As a primary care physician, Deuell said he understands firsthand the concerns doctors in TMA have about access to care. It’s often difficult for him to find specialists to refer his Medicaid patients to, he said. And he supports some of the reforms the TMA suggested, such as increasing provider reimbursement rates and ensuring the state’s Medicaid fraud investigations are conducted in a timely manner.
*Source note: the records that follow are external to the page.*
Lemma dot_sq_le n x y : dot n x y ^ 2 <= sqnorm n x * sqnorm n y.
Proof.
  unfold dot; induction n as [|n IH]; [unfold sqnorm; simpl; lra|].
  change ((sumd n (fun i => x i * y i) + x n * y n) ^ 2
    <= (sqnorm n x + x n ^ 2) * (sqnorm n y + y n ^ 2)).
  pose proof (sqnorm_ge0 n x) as Hx; pose proof (sqnorm_ge0 n y) as Hy.
  set (P := sumd n (fun i => x i * y i)) in *.
  set (T := sqnorm n x) in *; set (W := sqnorm n y) in *.
  destruct (Req_dec T 0) as [HT0|HT0].
  - assert (P = 0) by (rewrite HT0 in IH; nra). subst P. rewrite HT0. nra.
  - (* [T (T y_n^2 + W x_n^2 - 2 P x_n y_n) = (T y_n - P x_n)^2 + x_n^2 (T W - P^2)] *)
    assert (0 <= (T * y n - P * x n) ^ 2) by apply pow2_ge_0.
    assert (0 <= x n ^ 2 * (T * W - P ^ 2)) by (apply Rmult_le_pos; nra).
    assert (0 <= T * (T * y n ^ 2 + W * x n ^ 2 - 2 * P * x n * y n)) by nra.
    assert (0 <= T * y n ^ 2 + W * x n ^ 2 - 2 * P * x n * y n) by nra.
    nra.
Qed.

Definition coord_shift (y : nat -> R) (i : nat) (h : R) : nat -> R :=
  fun j => if Nat.eqb j i then y j + h else y j.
Although Democrats expressed concern that the TMA’s proposal for “flexibility” could be a vague way of suggesting a reduction in Medicaid services, they said the trade associations’ support for the expansion would help build public support.
“The more people and organizations that come on board, the more likely there is to be a strings-attached proposition for the Medicaid expansion,” said state Rep. Garnet Coleman, D-Houston. As a proponent of expanding Medicaid coverage, Coleman said he would accept some reforms offered by Republicans, such as co-pays for expansion enrollees. “It’s hard to turn down $100 billion, so the question is what can be agreed upon to accept the $100 billion. And we have not gotten there yet.”
To work around Perry’s veto power, state Sen. Rodney Ellis, D-Houston, has proposed a constitutional amendment that would allow Texas voters to decide whether to expand Medicaid.
“There is a lot of political posturing going on, but the bottom line is that it makes no sense to reject additional federal health aid,” Ellis said in an email. “I believe we do millions of Texans a disservice — at a real financial and human cost — if we dither and delay implementing this common sense reform.”